## [Task to complete]
Where does the word "notin" occur in the entries below? Copy every line that has it.

::: Task material

Lemma ancP u v : reflect (exists n, iter n parent v = u) (anc parent u v).
Proof.
apply: (iffP existsP) => [[k /eqP <-]|[n <-]]; first by exists k.
have [le_nV|lt_Vn] := leqP n #|V|; first by exists (inord n); rewrite inordK.
by exists ord_max; rewrite /= !iter_parent_root // ltnW.
Qed.

Lemma anc_trans {u v w} : anc parent u v -> anc parent v w -> anc parent u w.
Proof.
move=> /ancP[m <-] /ancP[n <-]; apply/ancP; exists (m + n)%N; exact: iterD.
Qed.

Lemma anc_root v : anc parent root v.
Proof. by apply/ancP; exists #|V|; rewrite iter_parent_root. Qed.

Lemma anc_total {u w v} : anc parent u v -> anc parent w v -> anc parent w u || anc parent u w.
Proof.
move=> /ancP[i <-] /ancP[j <-]; apply/orP.
have [le_ij|/ltnW le_ji] := leqP i j; [left|right]; apply/ancP.
  by exists (j - i)%N; rewrite -iterD subnK.
by exists (i - j)%N; rewrite -iterD subnK.
Qed.

Lemma lcaC a b : lca parent root a b = lca parent root b a.
Proof.
rewrite /lca; congr odflt; apply: eq_pick => w /=; rewrite andbCA.
by congr (_ && (_ && _)); apply: eq_forallb => u; rewrite andbC.
Qed.

Lemma lcaP a b : [/\ anc parent (lca parent root a b) a, anc parent (lca parent root a b) b &
  forall u, anc parent u a -> anc parent u b -> anc parent u (lca parent root a b)].
Proof.
(* The lca is the first iterate of [parent] on [a] that is an ancestor of [b]. *)
have anc_b_ex : exists n, anc parent (iter n parent a) b.
  by exists #|V|; rewrite iter_parent_root ?anc_root.
have [k k_b min_k] := ex_minnP anc_b_ex.
have lca_k : [&& anc parent (iter k parent a) a, anc parent (iter k parent a) b &
    [forall u, anc parent u a && anc parent u b ==> anc parent u (iter k parent a)]].
  rewrite k_b /=; apply/andP; split; first by apply/ancP; exists k.
  apply/forallP => u; apply/implyP => /andP[/ancP[j <-] j_b].
  by apply/ancP; exists (j - k)%N; rewrite -iterD subnK ?min_k.
rewrite /lca; case: pickP => [w /and3P[wa wb /forallP w_low] | /(_ (iter k parent a))].
  by split=> // u ua ub; apply: (implyP (w_low u)); rewrite ua ub.
by rewrite lca_k.
Qed.

End RootedTree.

Section LcaDistance.

Context {R : realType} {V : finType}.
Variables (parent : V -> V) (root : V) (d : V -> R) (z : nat).
Hypothesis tree : is_rooted_tree parent root.
Hypothesis adm : admissible parent root d.
Implicit Types (u v a b c : V) (C : {set V}).

Lemma le_anc {u v} : anc parent u v -> d v <= d u.
Proof.
case: adm => _ d_le_parent /(ancP tree)[n <-]; elim: n => //= n IHn.
apply: le_trans IHn _; have [->|not_root] := eqVneq (iter n parent v) root.
  by case: tree => ->.
exact: d_le_parent.
Qed.

Lemma lca_ultra a b c :
  d (lca parent root a c) <= Order.max (d (lca parent root a b)) (d (lca parent root b c)).
Proof.
have [ab_a ab_b _] := lcaP tree a b; have [bc_b bc_c _] := lcaP tree b c.
have [_ _ ac_low] := lcaP tree a c.
rewrite le_max; case/orP: (anc_total tree ab_b bc_b) => [bc_ab|ab_bc]; apply/orP.
  have bc_a := anc_trans tree bc_ab ab_a.
  by right; apply/le_anc/ac_low.
have ab_c := anc_trans tree ab_bc bc_c.
by left; apply/le_anc/ac_low.
Qed.

Definition lca_dist a b := d (lca parent root a b) ^+ z.

Lemma lca_distC a b : lca_dist a b = lca_dist b a.
Proof. by rewrite /lca_dist lcaC. Qed.

Lemma lca_dist_ultra a b c :
  lca_dist a c <= Order.max (lca_dist a b) (lca_dist b c).
Proof.
have d_ge0 := proj1 adm; rewrite /lca_dist !le_max.
have := lca_ultra a b c; rewrite le_max.
by case/orP => /(lerXn2r z (d_ge0 _) (d_ge0 _)) ->; rewrite ?orbT.
Qed.

Lemma lca_dist_le_root a b : lca_dist a b <= d root ^+ z.
Proof. by apply: lerXn2r (proj1 adm _) (proj1 adm _) _; apply/le_anc/anc_root. Qed.

Lemma cost_sumdist C : C != set0 ->
  cost parent root d z C = (sumdist lca_dist (d root ^+ z) (leaves parent) C)%:E.
Proof.
move=> C0; rewrite /cost /sumdist -sumEFin; apply: eq_bigr => l _.
exact: setdist_EFin lca_dist_le_root _ _ C0.
Qed.

End LcaDistance.

Local Open Scope ereal_scope.

Theorem mainTheorem6 (R : realType) (V : finType) (parent : V -> V) (root : V)
  (d : V -> R) (z : nat) (Cs : nat -> {set V}) :
  is_rooted_tree parent root ->
  admissible parent root d ->
  (0 < z)%N ->
  Cs 0%N = set0 ->
  (forall i : nat, (1 <= i <= #|leaves parent|)%N ->
     exists c : V, [/\ c \in leaves parent, c \notin Cs i.-1,
       Cs i = c |: Cs i.-1 &
       forall c' : V, c' \in leaves parent -> c' \notin Cs i.-1 ->
         cost parent root d z (c |: Cs i.-1) <= cost parent root d z (c' |: Cs i.-1)]) ->
  forall k : nat, (1 <= k <= #|leaves parent|)%N ->
    [/\ Cs k \subset leaves parent, #|Cs k| = k &
      forall C : {set V}, C \subset leaves parent -> #|C| = k ->
        cost parent root d z (Cs k) <= cost parent root d z C].
Proof.
move=> tree adm _ Cs0 Cs_greedy k /andP[k_gt0 k_le].
have cost_E := cost_sumdist z tree adm.
have setU1_neq0 c (C : {set V}) : c |: C != set0.
  by apply/set0Pn; exists c; rewrite setU11.
have [i i_range|CsL Csk Cs_opt] := greedy_sumdist_optimal _ _ (lca_distC parent root d z)
  (lca_dist_ultra z tree adm) (lca_dist_le_root z tree adm) Cs Cs0 _ k k_le.
  have [c [cL cC -> c_best]] := Cs_greedy i i_range.
  exists c; split=> // c' c'L c'C.
  by have := c_best c' c'L c'C; rewrite !cost_E ?setU1_neq0 // lee_fin.
split=> // C CL Ck; rewrite !cost_E ?lee_fin ?Cs_opt //.
  by rewrite -card_gt0 Ck.
by rewrite -card_gt0 Csk.
Qed.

::::::

## [Expected answer]
     exists c : V, [/\ c \in leaves parent, c \notin Cs i.-1,
       forall c' : V, c' \in leaves parent -> c' \notin Cs i.-1 ->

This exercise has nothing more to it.